We may go further. In many up-to-date cases the detective not only gets plenty to eat but a liberal allowance of strong drink. One generous British author of today is never tired of handing out to the Great Detective and his friends what he calls a ‘stiff whiskey and soda.’ At all moments of crisis they get one.
For example, when they find the body of Sir Charles Althorpe, late owner of Althorpe Chase, a terrible sight, lying on the floor of the library, what do they do? They reach at once to the sideboard and pour themselves out a ‘stiff whiskey and soda.’ It certainly is a great method.

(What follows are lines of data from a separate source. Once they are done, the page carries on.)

(* Let $\vec{p}\in\Delta^n$ and let $\mathcal{D}=\mathrm{Mul}_k(\vec{p})$. Then $\mathcal{D}$ is $(k,\infty)$-explicitly bounded with variance proxy $8/k$; that is, for every even $s$ with $2\le s\le k$, $$\{v_i^2=1\ \forall i\in[n]\}\ \vdash_{s}\ \mathbb{E}_{Y\sim\mathcal{D}}\big[\langle Y-\vec{p},v\rangle^s\big]\le (8s/k)^{s/2},$$ where this is regarded as a polynomial inequality in the formal variables $v_1,\dots,v_n$.
   Context: $\Delta^n\subset\mathbb{R}^n$ is the simplex of nonnegative vectors with coordinates summing to 1. For $\vec{p}\in\Delta^n$, $\mathrm{Mul}_k(\vec{p})$ is the distribution of the frequency vector $Y\in\Delta^n$, $Y_j=\frac1k\#\{\nu\le k: Z_\nu=j\}$, where $Z_1,\dots,Z_k$ are i.i.d. draws from $\vec{p}$; its mean is $\vec{p}$. For polynomials in formal variables $v$, the notation $\{q_1=0,\dots,q_m=0\}\vdash_d f\ge 0$ (a degree-$d$ sum-of-squares proof) means there exist polynomials $s_1,\dots,s_m$ and a sum-of-squares polynomial $r$ such that $f=\sum_i s_iq_i + r$ with $\deg(s_iq_i)\le d$ for all $i$ and $\deg r\le d$. A distribution $\mathcal{D}$ on $\mathbb{R}^n$ with mean $\mu$ is $(t,\infty)$-explicitly bounded with variance proxy $\sigma$ if for every even $2\le s\le t$, $\{v_i^2=1\ \forall i\in[n]\}\vdash_s \mathbb{E}_{Y\sim\mathcal{D}}[\langle Y-\mu,v\rangle^s]\le(\sigma s)^{s/2}$. *)

From HB Require Import structures.
From mathcomp Require Import all_boot all_order all_algebra.
From mathcomp Require Import reals.
From mathcomp Require Import mpoly.
Set Implicit Arguments. Unset Strict Implicit. Unset Printing Implicit Defensive.
Import Order.TTheory GRing.Theory Num.Theory.
Local Open Scope ring_scope.

Definition in_simplex (R : realType) (n : nat) (p : 'I_n -> R) : Prop :=
  (forall i, 0 <= p i) /\ \sum_(i < n) p i = 1.

Definition freq (R : realType) (n k : nat) (z : {ffun 'I_k -> 'I_n}) (j : 'I_n) : R :=
  (#|[set nu | z nu == j]|)%:R / k%:R.

(* E_{Y ~ Mul_k(p)} [ <Y - p, v>^s ] as a polynomial in formal variables v:
   expectation over k i.i.d. draws Z_1..Z_k from p *)
Definition mul_moment (R : realType) (n k : nat) (p : 'I_n -> R) (s : nat)
  : {mpoly R[n]} :=
  \sum_(z : {ffun 'I_k -> 'I_n})
     (\prod_(nu < k) p (z nu)) *: (\sum_(j < n) (freq R z j - p j) *: 'X_j) ^+ s.

(* {q_1 = 0, ..., q_m = 0} |-_d f >= 0 : f = sum_i s_i q_i + r with
   deg (s_i q_i) <= d, r a sum of squares of degree <= d.
   (msize P = total degree of P + 1, and 0 for P = 0.) *)
Definition sos_proves (R : realType) (n m d : nat) (q : 'I_m -> {mpoly R[n]})
  (f : {mpoly R[n]}) : Prop :=
  exists (s : 'I_m -> {mpoly R[n]}) (gs : seq {mpoly R[n]}),
    [/\ f = \sum_(i < m) s i * q i + \sum_(g <- gs) g ^+ 2,
        (forall i, (msize (s i * q i) <= d.+1)%N)
      & (msize (\sum_(g <- gs) g ^+ 2) <= d.+1)%N].

Definition cube_axioms (R : realType) (n : nat) : 'I_n -> {mpoly R[n]} :=
  fun i => 'X_i ^+ 2 - 1.

From HB Require Import structures.
From mathcomp Require Import all_boot all_order all_algebra.
From mathcomp Require Import reals.
From mathcomp Require Import mpoly.
From mathcomp Require Import ring zify.
Set Implicit Arguments. Unset Strict Implicit. Unset Printing Implicit Defensive.
Import Order.TTheory GRing.Theory Num.Theory.

(* Write <Y - p, v> = S / k with S = sum_nu (v_(Z_nu) - <p, v>), a sum of k
   independent centred linear forms.  By induction on k, E[S^(2r)] <= (16 m k)^r
   for all r <= m, each inequality certified by a degree-2r sum of squares
   modulo v_i^2 = 1.  In the inductive step the new summand
   v_a - <p, v> = sum_b p_b (v_a - v_b) is symmetrised by Jensen's inequality
   for even powers, which has an explicit SOS proof; the odd moments of the
   symmetric variable v_a - v_b vanish and its even moments are at most 4^l on
   the cube; the binomial coefficients are then absorbed by
   C(2r, 2l) 4^l <= C(r, l) (16 m)^l.  For r = m = s/2 this gives
   E[<Y - p, v>^s] <= (16 m k)^m / k^(2m) = (8 s / k)^(s/2). *)

(* Compare the ratios of consecutive terms: (2r-2l)(2r-2l-1)/((2l+1)(2l+2))
   on the left against 4r (r-l)/(l+1) on the right. *)
Lemma bin_double_le r l : (l <= r)%N -> ('C(r.*2, l.*2) <= 'C(r, l) * (4 * r) ^ l)%N.
Proof.
elim: l => [|l IHl] lt_lr; first by rewrite !bin0 expn0.
have {}IHl := IHl (ltnW lt_lr).
rewrite -(@leq_pmul2r (l.*2.+1 * l.*2.+2)) //.
have -> : ('C(r.*2, (l.+1).*2) * (l.*2.+1 * l.*2.+2)
          = (r.*2 - l.*2.+1) * (r.*2 - l.*2) * 'C(r.*2, l.*2))%N.
  have := mul_bin_left r.*2 l.*2; have := mul_bin_left r.*2 l.*2.+1.
  rewrite doubleS => binS_odd binS_even.
  by rewrite mulnCA [_ * l.*2.+2]mulnC binS_odd mulnCA binS_even; ring.
have -> : ('C(r, l.+1) * (4 * r) ^ l.+1 * (l.*2.+1 * l.*2.+2)
          = (4 * r * l.*2.+1) * (r.*2 - l.*2) * ('C(r, l) * (4 * r) ^ l))%N.
  have -> : (r.*2 - l.*2 = 2 * (r - l))%N by lia.
  have -> : (l.*2.+2 = 2 * l.+1)%N by lia.
  rewrite [RHS](_ : _ = 4 * r * l.*2.+1 * 2 * ((r - l) * 'C(r, l)) * (4 * r) ^ l)%N; last by ring.
  by rewrite -mul_bin_left expnS; ring.
by rewrite leq_mul // leq_mul //; lia.
Qed.

Lemma sum_bin_even_le m k r : (r <= m)%N ->
  (\sum_(l < r.+1) 'C(r.*2, l.*2) * 4 ^ l * (16 * m * k) ^ (r - l)
    <= (16 * m * k.+1) ^ r)%N.
Proof.
move=> le_rm; rewrite mulnSr expnDn; apply: leq_sum => -[l /=]; rewrite ltnS => le_lr _.
have le_16 : ((4 * r) ^ l * 4 ^ l <= (16 * m) ^ l)%N.
  have [->|l_gt0] := posnP l; first by rewrite !expn0.
  by rewrite -expnMn leq_exp2r //; lia.
rewrite (mulnC (_ ^ (r - l))) mulnA leq_mul //.
apply: (leq_trans (leq_mul (bin_double_le le_lr) (leqnn _))).
by rewrite -mulnA leq_mul.
Qed.

Local Open Scope ring_scope.

Lemma sum_ord_even (V : nmodType) (g : nat -> V) r :
  (forall i, odd i -> g i = 0) ->
  \sum_(i < r.*2.+1) g i = \sum_(l < r.+1) g l.*2.
Proof.
move=> g_odd; elim: r => [|r IHr]; first by rewrite !big_ord_recr !big_ord0.
rewrite doubleS big_ord_recr big_ord_recr /= IHr [in RHS]big_ord_recr /=.
by rewrite (g_odd r.*2.+1) ?addr0 //= odd_double.
Qed.

Section EvenPowerTangent.
Variable T : comPzRingType.
Implicit Types a c : T.

(* (c^(2M+2) - a^(2M+2) - (2M+2) a^(2M+1) (c - a)) / (c - a)^2
   = sum_(i + j = 2M) (j + 1) a^j c^i, written as a nonnegative combination of
   squares. *)
Definition tangent_quot a c M : T :=
  M.+1%:R * (a ^+ M) ^+ 2 +
  \sum_(t < M) t.+1%:R * ((a + c) * a ^+ t * c ^+ (M.-1 - t)) ^+ 2.

Lemma tangent_quotS a c M :
  tangent_quot a c M.+1 = c ^+ 2 * tangent_quot a c M +
    (a ^+ M) ^+ 2 * ((M.*2 + 3)%:R * a ^+ 2 + (M.*2 + 2)%:R * (a * c)).
Proof.
rewrite /tangent_quot big_ord_recr /= subnn expr0 mulr1 mulrDr mulr_sumr.
have -> : \sum_(t < M) t.+1%:R * ((a + c) * a ^+ t * c ^+ (M - t)) ^+ 2 =
          \sum_(t < M) c ^+ 2 * (t.+1%:R * ((a + c) * a ^+ t * c ^+ (M.-1 - t)) ^+ 2).
  apply: eq_bigr => -[t /= lt_tM] _.
  have -> : (M - t = (M.-1 - t).+1)%N by lia.
  by rewrite (exprS c); ring.
rewrite (exprS a) -[M.+2]addn2 -[M.+1]addn1 !natrD -!muln2 !natrM; ring.
Qed.

Lemma even_pow_tangent_gap a c M :
  c ^+ M.*2.+2 - a ^+ M.*2.+2 - M.*2.+2%:R * (a ^+ M.*2.+1 * (c - a))
  = (c - a) ^+ 2 * tangent_quot a c M.
Proof.
elim: M => [|M IHM].
  by rewrite /tangent_quot big_ord0 double0 addr0; ring.
rewrite tangent_quotS [RHS]mulrDr (mulrCA _ (c ^+ 2)) -IHM.
have pow_double (x : T) j : x ^+ (j + M.*2) = x ^+ j * (x ^+ M) ^+ 2.
  by rewrite exprD -exprM muln2.
rewrite -[(M.+1).*2.+2]/(4 + M.*2)%N -[(M.+1).*2.+1]/(3 + M.*2)%N.
rewrite -[M.*2.+2]/(2 + M.*2)%N -[M.*2.+1]/(1 + M.*2)%N !pow_double.
rewrite !natrD -!muln2 !natrM.
ring.
Qed.
End EvenPowerTangent.

Section TotalDegree.
Variables (R : realType) (n : nat).
Local Notation P := {mpoly R[n]}.

Definition deg_le (d : nat) (f : P) := (msize f <= d.+1)%N.

Lemma deg_le_mono d d' f : (d <= d')%N -> deg_le d f -> deg_le d' f.
Proof. by rewrite /deg_le => le_dd' /leq_trans; apply. Qed.

Lemma deg_le0 d : deg_le d 0.
Proof. by rewrite /deg_le msize0. Qed.

Lemma deg_le1 d : deg_le d 1.
Proof. by rewrite /deg_le msize1. Qed.

Lemma deg_leX i : deg_le 1 'X_i.
Proof. by rewrite /deg_le msizeX mdeg1. Qed.

Lemma deg_leD d f g : deg_le d f -> deg_le d g -> deg_le d (f + g).
Proof. by rewrite /deg_le => df dg; apply: leq_trans (msizeD_le _ _) _; rewrite geq_max df dg. Qed.

Lemma deg_leN d f : deg_le d f -> deg_le d (- f).
Proof. by rewrite /deg_le msizeN. Qed.

Lemma deg_leB d f g : deg_le d f -> deg_le d g -> deg_le d (f - g).
Proof. by move=> df dg; apply: deg_leD => //; apply: deg_leN. Qed.

Lemma deg_leZ d c f : deg_le d f -> deg_le d (c *: f).
Proof. exact/leq_trans/msizeZ_le. Qed.

Lemma deg_leMn d f k : deg_le d f -> deg_le d (f *+ k).
Proof. by move=> df; elim: k => [|k IHk]; rewrite ?mulr0n ?deg_le0 // mulrS deg_leD. Qed.

Lemma deg_le_sum d (I : Type) (r : seq I) (Q : pred I) (F : I -> P) :
  (forall i, Q i -> deg_le d (F i)) -> deg_le d (\sum_(i <- r | Q i) F i).
Proof.
move=> dF; elim/big_rec: _ => [|i x Qi dx]; first exact: deg_le0.
by apply: deg_leD => //; apply: dF.
Qed.

Lemma deg_leM a b f g : deg_le a f -> deg_le b g -> deg_le (a + b) (f * g).
Proof.
rewrite /deg_le => df dg.
have [->|f_neq0] := eqVneq f 0; first by rewrite mul0r msize0.
have [->|g_neq0] := eqVneq g 0; first by rewrite mulr0 msize0.
have f_pos : (0 < msize f)%N by rewrite lt0n msize_poly_eq0.
have g_pos : (0 < msize g)%N by rewrite lt0n msize_poly_eq0.
rewrite msizeM // -subn1; move: (msize f) (msize g) df dg f_pos g_pos => x y; lia.
Qed.

Lemma deg_leXn a f k : deg_le a f -> deg_le (a * k) (f ^+ k).
Proof.
by move=> df; elim: k => [|k IHk]; rewrite ?expr0 ?deg_le1 // exprS mulnS deg_leM.
Qed.

End TotalDegree.

Section SosCertificates.
Variables (R : realType) (n m : nat) (q : 'I_m -> {mpoly R[n]}).
Local Notation P := {mpoly R[n]}.
Local Notation sos d := (sos_proves d q).

Lemma sos0 d : sos d 0.
Proof.
exists (fun=> 0), [::]; split.
- by rewrite big_nil addr0 big1 // => i _; rewrite mul0r.
- by move=> i; rewrite mul0r; apply: deg_le0.
- by rewrite big_nil; apply: deg_le0.
Qed.

Lemma sosD d f g : sos d f -> sos d g -> sos d (f + g).
Proof.
move=> [s1 [gs1 [-> dq1 dg1]]] [s2 [gs2 [-> dq2 dg2]]].
exists (fun i => s1 i + s2 i), (gs1 ++ gs2); split.
- rewrite big_cat addrACA -big_split; congr (_ + _).
  by apply: eq_bigr => i _; rewrite mulrDl.
- by move=> i; rewrite mulrDl; apply: deg_leD; [apply: dq1|apply: dq2].
- by rewrite big_cat; apply: deg_leD; [apply: dg1|apply: dg2].
Qed.

Lemma sos_sum d (I : Type) (r : seq I) (Q : pred I) (F : I -> P) :
  (forall i, Q i -> sos d (F i)) -> sos d (\sum_(i <- r | Q i) F i).
Proof.
move=> sF; elim/big_rec: _ => [|i x Qi sx]; first exact: sos0.
by apply: sosD => //; apply: sF.
Qed.

Lemma sosMn d f k : sos d f -> sos d (f *+ k).
Proof.
move=> sf; elim: k => [|k IHk]; first by rewrite mulr0n; apply: sos0.
by rewrite mulrS; apply: sosD.
Qed.

Lemma sosZ d c f : 0 <= c -> sos d f -> sos d (c *: f).
Proof.
move=> c_ge0 [s1 [gs1 [-> dq1 dg1]]].
exists (fun i => c *: s1 i), (map (fun g => Num.sqrt c *: g) gs1); split.
- rewrite scalerDr scaler_sumr big_map scaler_sumr; congr (_ + _).
    by apply: eq_bigr => i _; rewrite scalerAl.
  by apply: eq_bigr => g _; rewrite exprZn sqr_sqrtr.
- by move=> i; rewrite -scalerAl; apply/deg_leZ/dq1.
- rewrite big_map (eq_bigr (fun g => c *: g ^+ 2)) => [|g _]; last first.
    by rewrite exprZn sqr_sqrtr.
  by rewrite -scaler_sumr; apply/deg_leZ/dg1.
Qed.

Lemma sos_sqr d g : deg_le d (g ^+ 2) -> sos d (g ^+ 2).
Proof.
move=> dg; exists (fun=> 0), [:: g]; split.
- by rewrite big_seq1 big1 ?add0r // => i _; rewrite mul0r.
- by move=> i; rewrite mul0r; apply: deg_le0.
- by rewrite big_seq1.
Qed.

But in the main we may say that all this stuff about eating and drinking has lost its importance. The Great Detective has to be made exceptional by some other method.

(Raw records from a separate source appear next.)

(* Under the standing assumptions, writing (R1) for the condition $\mathscr{R}(A^*AB)=\mathscr{R}(B)$, the following hold. (33) $\{M^{(1,2,3)}\}\subseteq\{C^{-1}B^{(1)}A^{-1}\}$; and $\{M^{(1,2,3)}\}\supseteq\{C^{-1}B^{(1)}A^{-1}\}\Leftrightarrow\{M^{(1,2,3)}\}=\{C^{-1}B^{(1)}A^{-1}\}\Leftrightarrow r(B)=m$. (34) $\{M^{(1,2,3)}\}\subseteq\{C^{-1}B^{(1,2)}A^{-1}\}$; and $\{M^{(1,2,3)}\}\supseteq\{C^{-1}B^{(1,2)}A^{-1}\}\Leftrightarrow\{M^{(1,2,3)}\}=\{C^{-1}B^{(1,2)}A^{-1}\}\Leftrightarrow B=0$ or $r(B)=m$. (35) $\{M^{(1,2,3)}\}\cap\{C^{-1}B^{(1,3)}A^{-1}\}\neq\emptyset\Leftrightarrow\{M^{(1,2,3)}\}\subseteq\{C^{-1}B^{(1,3)}A^{-1}\}\Leftrightarrow$ (R1); and $\{M^{(1,2,3)}\}\supseteq\{C^{-1}B^{(1,3)}A^{-1}\}\Leftrightarrow\{M^{(1,2,3)}\}=\{C^{-1}B^{(1,3)}A^{-1}\}\Leftrightarrow$ (R1) and $r(B)=\min\{m,n\}$. (36) $\{M^{(1,2,3)}\}\cap\{C^{-1}B^{(1,4)}A^{-1}\}\neq\emptyset$; $\{M^{(1,2,3)}\}\supseteq\{C^{-1}B^{(1,4)}A^{-1}\}\Leftrightarrow r(B)=m$; $\{M^{(1,2,3)}\}\subseteq\{C^{-1}B^{(1,4)}A^{-1}\}\Leftrightarrow B=0$ or $r(B)=n$; $\{M^{(1,2,3)}\}=\{C^{-1}B^{(1,4)}A^{-1}\}\Leftrightarrow r(B)=m=n$. (37) $\{M^{(1,2,3)}\}\cap\{C^{-1}B^{(1,2,3)}A^{-1}\}\neq\emptyset\Leftrightarrow\{M^{(1,2,3)}\}=\{C^{-1}B^{(1,2,3)}A^{-1}\}\Leftrightarrow$ (R1). (38) $\{M^{(1,2,3)}\}\cap\{C^{-1}B^{(1,2,4)}A^{-1}\}\neq\emptyset$; $\{M^{(1,2,3)}\}\supseteq\{C^{-1}B^{(1,2,4)}A^{-1}\}\Leftrightarrow B=0$ or $r(B)=m$; $\{M^{(1,2,3)}\}\subseteq\{C^{-1}B^{(1,2,4)}A^{-1}\}\Leftrightarrow B=0$ or $r(B)=n$; $\{M^{(1,2,3)}\}=\{C^{-1}B^{(1,2,4)}A^{-1}\}\Leftrightarrow B=0$ or $r(B)=m=n$. (39) $\{M^{(1,2,3)}\}\cap\{C^{-1}B^{(1,3,4)}A^{-1}\}\neq\emptyset\Leftrightarrow$ (R1); $\{M^{(1,2,3)}\}\supseteq\{C^{-1}B^{(1,3,4)}A^{-1}\}\Leftrightarrow$ (R1) and $r(B)=\min\{m,n\}$; $\{M^{(1,2,3)}\}\subseteq\{C^{-1}B^{(1,3,4)}A^{-1}\}\Leftrightarrow B=0$ or ((R1) and $r(B)=n$); $\{M^{(1,2,3)}\}=\{C^{-1}B^{(1,3,4)}A^{-1}\}\Leftrightarrow$ (R1) and $r(B)=n$. (40) $C^{-1}B^\dagger A^{-1}\in\{M^{(1,2,3)}\}\Leftrightarrow$ (R1).
   Context: Standing assumptions: $m,n\ge1$; $A\in\mathbb{C}^{m\times m}$ and $C\in\mathbb{C}^{n\times n}$ are nonsingular; $B\in\mathbb{C}^{m\times n}$; $M=ABC$. For a complex matrix $X$, $X^*$ is its conjugate transpose, $r(X)$ its rank and $\mathscr{R}(X)$ its column space. For $X\in\mathbb{C}^{p\times q}$, a matrix $G\in\mathbb{C}^{q\times p}$ is called an $\{i,\ldots,j\}$-generalized inverse of $X$ (written $X^{(i,\ldots,j)}$) if it satisfies the equations numbered $i,\ldots,j$ among the four Penrose equations (i) $XGX=X$, (ii) $GXG=G$, (iii) $(XG)^*=XG$, (iv) $(GX)^*=GX$; $\{X^{(i,\ldots,j)}\}$ denotes the set of all such $G$. The Moore–Penrose inverse $X^\dagger$ is the unique matrix satisfying all four equations. For a type $(k,\ldots,l)$, $\{C^{-1}B^{(k,\ldots,l)}A^{-1}\}:=\{C^{-1}GA^{-1}: G\in\{B^{(k,\ldots,l)}\}\}$. *)

From HB Require Import structures.
From mathcomp Require Import all_boot all_order all_algebra.
Set Implicit Arguments. Unset Strict Implicit. Unset Printing Implicit Defensive.
Import Order.TTheory GRing.Theory Num.Theory.
Local Open Scope ring_scope.

(* The complex field C is generalised to an arbitrary
   numClosedFieldType R (e.g. algC), with complex conjugation Num.conj. *)

Definition ctmx (R : numClosedFieldType) p q (X : 'M[R]_(p, q)) : 'M[R]_(q, p) :=
  (map_mx Num.conj X)^T.

Definition penrose (R : numClosedFieldType) p q (i : nat)
    (X : 'M[R]_(p, q)) (G : 'M[R]_(q, p)) : Prop :=
  match i with
  | 1%N => X *m G *m X = X
  | 2%N => G *m X *m G = G
  | 3%N => ctmx (X *m G) = X *m G
  | 4%N => ctmx (G *m X) = G *m X
  | _ => True
  end.

Definition ginv (R : numClosedFieldType) p q (idx : seq nat)
    (X : 'M[R]_(p, q)) (G : 'M[R]_(q, p)) : Prop :=
  forall i, i \in idx -> penrose i X G.

Definition tginv (R : numClosedFieldType) m n (idx : seq nat)
    (A : 'M[R]_m) (B : 'M[R]_(m, n)) (C : 'M[R]_n) (G : 'M[R]_(n, m)) : Prop :=
  exists G0, ginv idx B G0 /\ G = invmx C *m G0 *m invmx A.

Definition msubset T (P Q : T -> Prop) : Prop := forall x, P x -> Q x.
Definition mseteq T (P Q : T -> Prop) : Prop := forall x, P x <-> Q x.
Definition mmeets T (P Q : T -> Prop) : Prop := exists x, P x /\ Q x.

(* column space equality R(X) = R(Y), via row spaces of transposes *)
Definition colspace_eq (R : fieldType) m p q (X : 'M[R]_(m, p)) (Y : 'M[R]_(m, q)) : Prop :=
  (X^T == Y^T)%MS.

From HB Require Import structures.
From mathcomp Require Import all_boot all_order all_algebra zify.
Set Implicit Arguments. Unset Strict Implicit. Unset Printing Implicit Defensive.
Import Order.TTheory GRing.Theory Num.Theory.
Local Open Scope ring_scope.

(* With N := A^* A and X := C G A, G is a {1,2,3}-inverse of M = A B C exactly when
   B X B = B, X B X = X and N B X is hermitian, i.e. X is a {1,2,3}-inverse of B for the
   inner product <u, v> = (A u)^* (A v); and G lies in C^-1 B^(i..j) A^-1 exactly when
   X lies in B^(i..j).  So everything compares this class W of weighted inverses with the
   classes B^(i..j).  Positivity of N makes B X the same for all X in W, just as B X is
   the orthogonal projector B B^+ for every {1,3}-inverse; hence W meets or sits inside
   B^(1,3) iff N commutes with B B^+, which is the range condition R(N B) = R(B).  W is
   never empty: it contains (A B)^+ A, which is moreover a {1,2,4}-inverse of B.  Every
   failure of an inclusion is detected by an affine family X0 + P V Q (V arbitrary) inside
   one class: it stays in the other class only if P = 0 or Q = 0, which reads B = 0 or
   B of full row or column rank. *)

Lemma mulmx_sandwich_eq0 (F : idomainType) p q r s (P : 'M[F]_(p, q)) (Q : 'M[F]_(r, s)) :
  (forall W, P *m W *m Q = 0) -> P = 0 \/ Q = 0.
Proof.
move=> PWQ0; have [[i j] /= Pij|P0] := pickP (fun ij : 'I_p * 'I_q => P ij.1 ij.2 != 0).
  right; apply/matrixP=> k l; rewrite mxE; apply/eqP; apply: contraT => Qkl.
  have := congr1 (fun Z : 'M[F]_(p, s) => Z i l) (PWQ0 (delta_mx j k)).
  rewrite -(mul_delta_mx (0 : 'I_1)) mulmxA -colE -mulmxA -rowE mxE big_ord1 !mxE.
  by move/eqP; rewrite mulf_eq0 (negPf Pij) (negPf Qkl).
by left; apply/matrixP=> i j; have := P0 (i, j); rewrite /= mxE => /negbFE/eqP.
Qed.

Section ConjugateTranspose.
Variable R : numClosedFieldType.

Lemma ctmxM p q r (X : 'M[R]_(p, q)) (Y : 'M[R]_(q, r)) :
  ctmx (X *m Y) = ctmx Y *m ctmx X.
Proof. by rewrite /ctmx map_mxM trmx_mul. Qed.

Lemma ctmxD p q (X Y : 'M[R]_(p, q)) : ctmx (X + Y) = ctmx X + ctmx Y.
Proof. by rewrite /ctmx map_mxD linearD. Qed.

Lemma ctmxZ p q a (X : 'M[R]_(p, q)) : ctmx (a *: X) = a^* *: ctmx X.
Proof. by rewrite /ctmx map_mxZ linearZ. Qed.

Lemma ctmxK p q (X : 'M[R]_(p, q)) : ctmx (ctmx X) = X.
Proof. by apply/matrixP=> i j; rewrite !mxE conjCK. Qed.

Lemma ctmx0 p q : ctmx (0 : 'M[R]_(p, q)) = 0.
Proof. by rewrite /ctmx map_mx0 trmx0. Qed.

Lemma ctmx1 p : ctmx (1%:M : 'M[R]_p) = 1%:M.
Proof. by rewrite /ctmx map_mx1 trmx1. Qed.

Lemma ctmx_invmx p (X : 'M[R]_p) : ctmx (invmx X) = invmx (ctmx X).
Proof. by rewrite /ctmx map_invmx trmx_inv. Qed.

Lemma mxrank_ctmx p q (X : 'M[R]_(p, q)) : \rank (ctmx X) = \rank X.
Proof. by rewrite mxrank_tr mxrank_map. Qed.

(* Locked, so that rewriting with [mulmxA] cannot unfold it into a product. *)
Definition gram p q (X : 'M[R]_(p, q)) : 'M[R]_q := locked (ctmx X *m X).

Lemma gramE p q (X : 'M[R]_(p, q)) : gram X = ctmx X *m X.
Proof. by rewrite /gram -lock. Qed.

Lemma gram_herm p q (X : 'M[R]_(p, q)) : ctmx (gram X) = gram X.
Proof. by rewrite gramE ctmxM ctmxK. Qed.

And here is where his music comes in. It transpires – not at once but in the first pause in the story – that this great man not only can solve a crime, but has the most extraordinary aptitude for music, especially for dreamy music of the most difficult kind. As soon as he is left in the Inn room with the Poor Nut, out comes his saxophone and he tunes it up.

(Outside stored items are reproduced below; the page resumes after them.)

(* Fix a prime p and put x = p^-beta.  Encode f and g at the powers of p by the series
   A = sum_j f(p^j) X^j and B = sum_j g(p^j) X^j.  As f = f_1 * ... * f_d with completely
   multiplicative f_i, A is the inverse of P = prod_i (1 - f_i(p) X), and likewise B of Q.
   Hence A - B = A B (Q - P) and P - Q = P Q (B - A).  The weighted norm
   |U|_N = sum_(j <= N) |U_j| x^j is submultiplicative, |A|, |B| <= (1 - 2^-beta)^-d and
   |P|, |Q| <= 2^d; since Q - P has degree at most d, the first d coefficients of A - B bound
   all the others up to a constant independent of p.  Summing over p gives the theorem;
   power series are represented by polynomials, identities holding modulo X^(N+1). *)

Section ComplexModulus.
Variable R : realType.

Lemma cmod_ge0 (z : R[i]) : 0 <= cmod z.
Proof. by case: z => a b; rewrite /cmod sqrtr_ge0. Qed.

Lemma cmodM (z1 z2 : R[i]) : cmod (z1 * z2) = cmod z1 * cmod z2.
Proof. exact: ComplexField.Normc.normcM. Qed.

Lemma cmodN (z : R[i]) : cmod (- z) = cmod z.
Proof. exact: normcN. Qed.

Lemma cmod0 : cmod (0 : R[i]) = 0.
Proof. exact: ComplexField.Normc.normc0. Qed.

Lemma cmod1 : cmod (1 : R[i]) = 1.
Proof. exact: ComplexField.Normc.normc1. Qed.

Lemma cmodX (z : R[i]) n : cmod (z ^+ n) = cmod z ^+ n.
Proof. by elim: n => [|n IH]; rewrite ?cmod1 // !exprS cmodM IH. Qed.

Lemma cmod_sum (I : Type) (r : seq I) (F : I -> R[i]) :
  cmod (\sum_(i <- r) F i) <= \sum_(i <- r) cmod (F i).
Proof.
elim: r => [|a r IH]; first by rewrite !big_nil cmod0.
by rewrite !big_cons (le_trans (le_normcD _ _)) ?lerD2l.
Qed.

‘What were you playing?’ I asked, as my friend at last folded his beloved instrument into its case.
‘Beethoven’s Sonata in Q,’ he answered modestly. ‘Good Heaven!’ I exclaimed.
Up to this point the story, any detective story, has been a howling success. The body has been found; they’re all baffled and full of whiskey and soda, and everything’s fine! But the only trouble is how to go on with it! You can’t! There’s no way to make crime really interesting except at the start; it’s a pity they have to go on, that they can’t just stay baffled and full, and call it a day.
But now begin the mistakes and the literary fallacies that spoil a crime story. At this point in comes the heroine – the heroine! – who has no real place in a murder story but is just a left-over remnant of the love story. In she comes, Margaret Althorpe, wild and all dishevelled. No wonder she’s wild! Who wouldn’t be? And disheveled – oh, yes, the best writers always dishevel them up like that. In she comes, almost fainting! What do they do, Inspector Higginbottom and the Great Detective? They shoot a ‘stiff whiskey and soda’ into her – and hit one themselves at the same time.
* * *
And with that, you see, the story drifts off sideways so as to work up a love-interest in the heroine, who has no business in it at all. Making a heroine used to be an easy thing in earlier books when the reading public was small. The author just imagined the kind of girl that he liked himself and let it go at that. Walter Scott, for example, liked them small – size three – ‘sylph-like’ was the term used; in fact the heroine was just a ‘slip of a girl’ – the slippier the better.
But Margaret Althorpe has to please everybody’at once. So the description of her runs like this:
Margaret Althorpe was neither short nor tall.
That means that she looked pretty tall standing up but when she sat down she was sawed off.